Dataset entries:
(* Let $v$ be a weight on $[0,1)$. For each $t\in[0,1)$ the operator $C_t\colon H^\infty_v\to H^\infty_v$ is continuous. Moreover, $\|C_0\|_{H^\infty_v\to H^\infty_v}=1$ and $$1\le \|C_t\|_{H^\infty_v\to H^\infty_v}\le -\frac{\log(1-t)}{t},\qquad t\in(0,1).$$
   Context: $\mathbb{D}=\{z\in\mathbb{C}:|z|<1\}$ and $H(\mathbb{D})$ is the space of holomorphic functions on $\mathbb{D}$. A weight is a continuous non-increasing function $v\colon[0,1)\to(0,\infty)$, extended to $\mathbb{D}$ by $v(z):=v(|z|)$. $H^\infty_v=\{f\in H(\mathbb{D}):\|f\|_{\infty,v}:=\sup_{z\in\mathbb{D}}|f(z)|v(z)<\infty\}$ with norm $\|\cdot\|_{\infty,v}$. For $t\in[0,1]$ the generalized Cesàro operator $C_t$ is defined on $f\in H(\mathbb{D})$ by $C_tf(0)=f(0)$ and $C_tf(z)=\frac{1}{z}\int_0^z\frac{f(\xi)}{1-t\xi}\,d\xi$ for $z\in\mathbb{D}\setminus\{0\}$. *)

From Stdlib Require Import Reals.
From Coquelicot Require Import Coquelicot.
Open Scope R_scope.

(* A weight: continuous non-increasing v : [0,1) -> (0,oo), given as a
   function R -> R whose values outside [0,1) are irrelevant. *)
Definition is_weight (v : R -> R) : Prop :=
  (forall r, 0 <= r < 1 -> 0 < v r) /\
  (forall r s, 0 <= r -> r <= s -> s < 1 -> v s <= v r) /\
  (forall r, 0 <= r < 1 ->
     filterlim v (within (fun x => 0 <= x < 1) (locally r)) (locally (v r))).

Definition in_disc (z : C) : Prop := Cmod z < 1.

Definition holo_disc (f : C -> C) : Prop :=
  forall z, in_disc z -> @ex_derive C_AbsRing C_NormedModule f z.

Definition in_Hv (v : R -> R) (f : C -> C) : Prop :=
  holo_disc f /\ exists M, forall z, in_disc z -> Cmod (f z) * v (Cmod z) <= M.

Definition normv (v : R -> R) (f : C -> C) : R :=
  real (Lub_Rbar (fun x => exists z, in_disc z /\ x = Cmod (f z) * v (Cmod z))).

Definition CRInt01 (g : R -> C) : C :=
  (RInt (fun s => Re (g s)) 0 1, RInt (fun s => Im (g s)) 0 1).

(* Line integral int_0^z h(xi) d xi along the segment [0,z], xi = s z. *)
Definition seg_int (h : C -> C) (z : C) : C :=
  Cmult z (CRInt01 (fun s => h (Cmult (RtoC s) z))).

Definition cesaro (t : R) (f : C -> C) (z : C) : C :=
  if Req_EM_T (Cmod z) 0 then f (RtoC 0)
  else Cmult (Cinv z)
         (seg_int (fun xi => Cdiv (f xi) (Cminus (RtoC 1) (Cmult (RtoC t) xi))) z).

Definition cesaro_opnorm (v : R -> R) (t : R) : Rbar :=
  Lub_Rbar (fun x => exists f, in_Hv v f /\ normv v f <= 1 /\ x = normv v (cesaro t f)).

From Stdlib Require Import Reals Lra Lia.
From Coquelicot Require Import Coquelicot.
Open Scope R_scope.

(* [C_t f z] is the average over [s] in [0, 1] of [f (s z) / (1 - t s z)].  By Goursat's
   lemma a holomorphic [h] on the disc has the primitive [z |-> int_[0,z] h], so the ray
   average [z |-> (1/z) int_[0,z] h] is holomorphic off [0]; at [0] it is differentiable
   with derivative [h'(0) / 2].  Since [v] is non-increasing and [|1 - t s z| >= 1 - t s],
   [|C_t f z| v(|z|) <= ||f||_v int_0^1 ds / (1 - t s) = - log (1 - t) / t] (and [1] for
   [t = 0]); as [C_t] is linear it is Lipschitz.  The constant [1 / v 0] has norm at most
   [1] and [C_t] fixes its value at [0], so [||C_t|| >= 1]. *)

Lemma Cmod_sub_triangle a b c : Cmod (a - c)%C <= Cmod (a - b)%C + Cmod (b - c)%C.
Proof.
  replace (a - c)%C with ((a - b) + (b - c))%C by ring. apply Cmod_triangle.
Qed.

Lemma Cmod_sub_sym a b : Cmod (a - b)%C = Cmod (b - a)%C.
Proof. replace (a - b)%C with (- (b - a))%C by ring. apply Cmod_opp. Qed.

Lemma Cmod_rev_triangle a b : Cmod a - Cmod b <= Cmod (a + b)%C.
Proof.
  pose proof (Cmod_triangle (a + b)%C (- b)%C) as H. rewrite Cmod_opp in H.
  replace (a + b + - b)%C with a in H by ring. lra.
Qed.
Lemma pair_coef_dip : 1 < i -> pair_coef i j (j.-1 - i).+1 < pair_coef i j (j.-1 - i).
Proof.
move=> i_gt1; rewrite /pair_coef (_ : j.-1 - (j.-1 - i).+1 = i.-1); last lia.
rewrite (_ : j.-1 - (j.-1 - i) = i); last lia.
have Pi : P i.-1 = (j - i + 1) * P i by rewrite mid_tail_rec /hook_mid; lia.
have Ri : R i.-1 = 1 by rewrite low_tail_rec ?prednK ?low_tail_i /hook_low; lia.
have Wi : W i = W i.-1 + Q i by rewrite weight_sum_rec ?low_tail_i ?muln1 //; lia.
have Wi1 : W i.-1 = W i.-2 + Q i.-1 by rewrite weight_sum_rec ?Ri ?muln1 //; lia.
have Qi : Q i = Q i.-1 * (j - i + 2).
  have ij' : i.-1 < j by lia.
  move: (mid_head_rec ij'); rewrite prednK => [->|]; last lia.
  by rewrite /hook_mid; congr (_ * _); lia.
have defect : (j - i) * W i.-2 + i.+1 * R 0 = 2 * Q i.-1.
  rewrite weight_sum_identity; last lia.
  rewrite (_ : i - i.-2 = 2); last lia.
  by rewrite (_ : i.-2.+1 = i.-1) ?Ri ?muln1 //; lia.
rewrite Pi Wi Wi1 Qi mulnAC [X in _ < X]mulnC ltn_pmul2r ?mid_tail_gt0 //.
by have := low_tail_gt0 0; lia.
Qed.

Lemma pair_coef_last : 0 < i ->
  pair_coef i j j.-1 * (i + j + 1) = pair_coef i j j.-2 * (i * j).
Proof.
move=> i_gt0; rewrite /pair_coef subnn (_ : j.-1 - j.-2 = 1); last lia.
have P0 : P 0 = j * P 1 by rewrite (@mid_tail_rec 1) /hook_mid; [congr (_ * _) |]; lia.
have R0 : R 0 = i * R 1 by rewrite low_tail_rec /hook_low; [congr (_ * _) |]; lia.
have Q1 : Q 1 = j.+1 by rewrite mid_head_rec ?mid_head0 /hook_mid; lia.
rewrite P0 (@weight_sum_rec 1); last lia.
by rewrite /= weight_sum0 R0 Q1; ring.
Qed.

Lemma unimodal_pair_coef : unimodal (pair_coef i j) j.-1 = (i <= 1) || (j <= 3).
Proof.
have [i_le1 | i_gt1] /= := leqP i 1.
  apply: (@unimodal_peak _ _ (j.-1 - i)) => [|k kp|k /andP[pk kj]]; first lia.
    by apply: pair_coef_rise; lia.
  have i1 : i = 1 by lia.
  have i_gt0 : 0 < i by rewrite i1.
  have := pair_coef_last i_gt0; rewrite i1 (_ : k = j.-2); last lia.
  by rewrite (_ : j.-2.+1 = j.-1); [nia | lia].
have := pair_coef_last (ltnW i_gt1); have := pair_coef_dip i_gt1.
have [j_le3 | j_gt3] := leqP j 3.
  have [-> ->] : i = 2 /\ j = 3 by lia.
  move=> dip last_step; apply: (@unimodal_peak _ _ 0) => // -[|[|k]] //= _.
  - exact: ltnW.
  - by move: last_step; rewrite /=; lia.
move=> dip last_step; apply/negbTE/(@unimodal_dip_rise _ _ (j.-1 - i) j.-2) => //; first lia.
rewrite (_ : j.-2.+1 = j.-1); last lia.
have ij1 : 0 < i + j + 1 by lia.
by rewrite -(ltn_pmul2r ij1) last_step ltn_pmul2l ?pair_coef_gt0 //; nia.
Qed.

End PairCoef.

Lemma mem_descI_pair n (x y : 'I_n) : descI [set x; y] =i [:: x.+1; y.+1].
Proof.
move=> k; rewrite !inE; apply/mapP/idP => [[z] | /orP[] /eqP->].
- by rewrite mem_enum !inE => /orP[] /eqP-> ->; rewrite eqxx ?orbT.
- by exists x; rewrite // mem_enum !inE eqxx.
- by exists y; rewrite // mem_enum !inE eqxx orbT.
Qed.

Lemma unimodal_NNcoef_pair n (x y : 'I_n) : x < y ->
  unimodal (NNcoef (descI [set x; y])) (sI (descI [set x; y])) = (x <= 1) || (y <= 3).
Proof.
move=> xy; have IE := mem_descI_pair x y.
rewrite (sI_pair xy IE) -(unimodal_pair_coef xy); apply: eq_unimodal => k kj.
exact: NNcoef_pair.
Qed.

Lemma card_2subsets n (P : pred {set 'I_n}) :
  #|[set I : {set 'I_n} | (#|I| == 2) && P I]| =
  #|[set p : 'I_n * 'I_n | (p.1 < p.2) && P [set p.1; p.2]]|.
Proof.
rewrite -(@card_in_imset _ _ (fun p : 'I_n * 'I_n => [set p.1; p.2])).
  apply: eq_card => I; rewrite inE; apply/andP/imsetP => [[/cards2P[x [y [xy ->]]] PI] | ].
    case: (ltngtP x y) => [lt | gt | /val_inj eq]; last by rewrite eq eqxx in xy.
      by exists (x, y); rewrite ?inE /= ?lt.
    by exists (y, x); rewrite ?inE /= setUC ?gt.
  case=> -[x y]; rewrite inE /= => /andP[xy PI] ->; split=> //.
  by rewrite cards2 -val_eqE neq_ltn xy.
move=> [x1 y1] [x2 y2]; rewrite !inE /= => /andP[xy1 _] /andP[xy2 _] E.
have memE z : (z == x1) || (z == y1) = (z == x2) || (z == y2).
  by move/setP: E => /(_ z); rewrite !inE.
move: (memE x1) (memE y1) (memE x2); rewrite !eqxx ?orbT -!val_eqE /= => /esym h1 /esym h2 h3.
by congr pair; apply: ord_inj; lia.
Qed.

Lemma bin2_double n : ('C(n, 2)).*2 = n * n.-1.
Proof. by rewrite bin2 halfK oddM; case: n => //= n; rewrite andNb subn0. Qed.

Lemma card_small_pairs n : 4 <= n ->
  #|[set p : 'I_n * 'I_n | (p.1 < p.2) && ((p.1 <= 1) || (p.2 <= 3))]| = (n.-1).*2.
Proof.
move=> n4; rewrite card_pair_pred exchange_big /=.
rewrite (eq_bigr (fun y : 'I_n => if y <= 3 then y : nat else 2)) => [|y _].
  elim: n n4 => // n IH; rewrite leq_eqVlt => /orP[/eqP <- | n4].
    by rewrite !big_ord_recr big_ord0.
  by rewrite big_ord_recr /= IH //; case: ifP; lia.
rewrite (@sum_ord_range _ 0 (if y <= 3 then y : nat else 2)) => [|x].
  by have := ltn_ord y; case: ifP; lia.
by case: ifP; lia.
Qed.

Theorem corollary6p3 (n : nat) (hn : (4 <= n)%N) :
  ((#|[set I : {set 'I_n} | (#|I| == 2)%N &&
        unimodal (NNcoef (descI I)) (sI (descI I))]|%:R
   / #|[set I : {set 'I_n} | (#|I| == 2)%N]|%:R)%R : rat) = (4%:R / n%:R)%R.
Proof.
have pairsE : [set p : 'I_n * 'I_n | (p.1 < p.2) &&
    unimodal (NNcoef (descI [set p.1; p.2])) (sI (descI [set p.1; p.2]))] =
    [set p : 'I_n * 'I_n | (p.1 < p.2) && ((p.1 <= 1) || (p.2 <= 3))].
  by apply/setP => -[x y]; rewrite !inE /=; case: ltnP => //= xy; rewrite unimodal_NNcoef_pair.
rewrite (card_2subsets (fun I => unimodal (NNcoef (descI I)) (sI (descI I)))) pairsE.
rewrite card_small_pairs // card_draws card_ord.
have bin2_gt0 : 'C(n, 2) != 0 by rewrite -double_eq0 bin2_double; lia.
apply/eqP; rewrite GRing.eqr_div ?Num.Theory.pnatr_eq0 //; last lia.
by rewrite -!GRing.natrM Num.Theory.eqr_nat; apply/eqP; have := bin2_double n; nia.
Qed.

AIM OF THE TASK:
What is asked for is an exact copy of the lines above from the one containing "by apply/setP =>" through the one containing "have bin2_gt0 : 'C(n, 2)", and only those.

RESPONSE:
  by apply/setP => -[x y]; rewrite !inE /=; case: ltnP => //= xy; rewrite unimodal_NNcoef_pair.
rewrite (card_2subsets (fun I => unimodal (NNcoef (descI I)) (sI (descI I)))) pairsE.
rewrite card_small_pairs // card_draws card_ord.
have bin2_gt0 : 'C(n, 2) != 0 by rewrite -double_eq0 bin2_double; lia.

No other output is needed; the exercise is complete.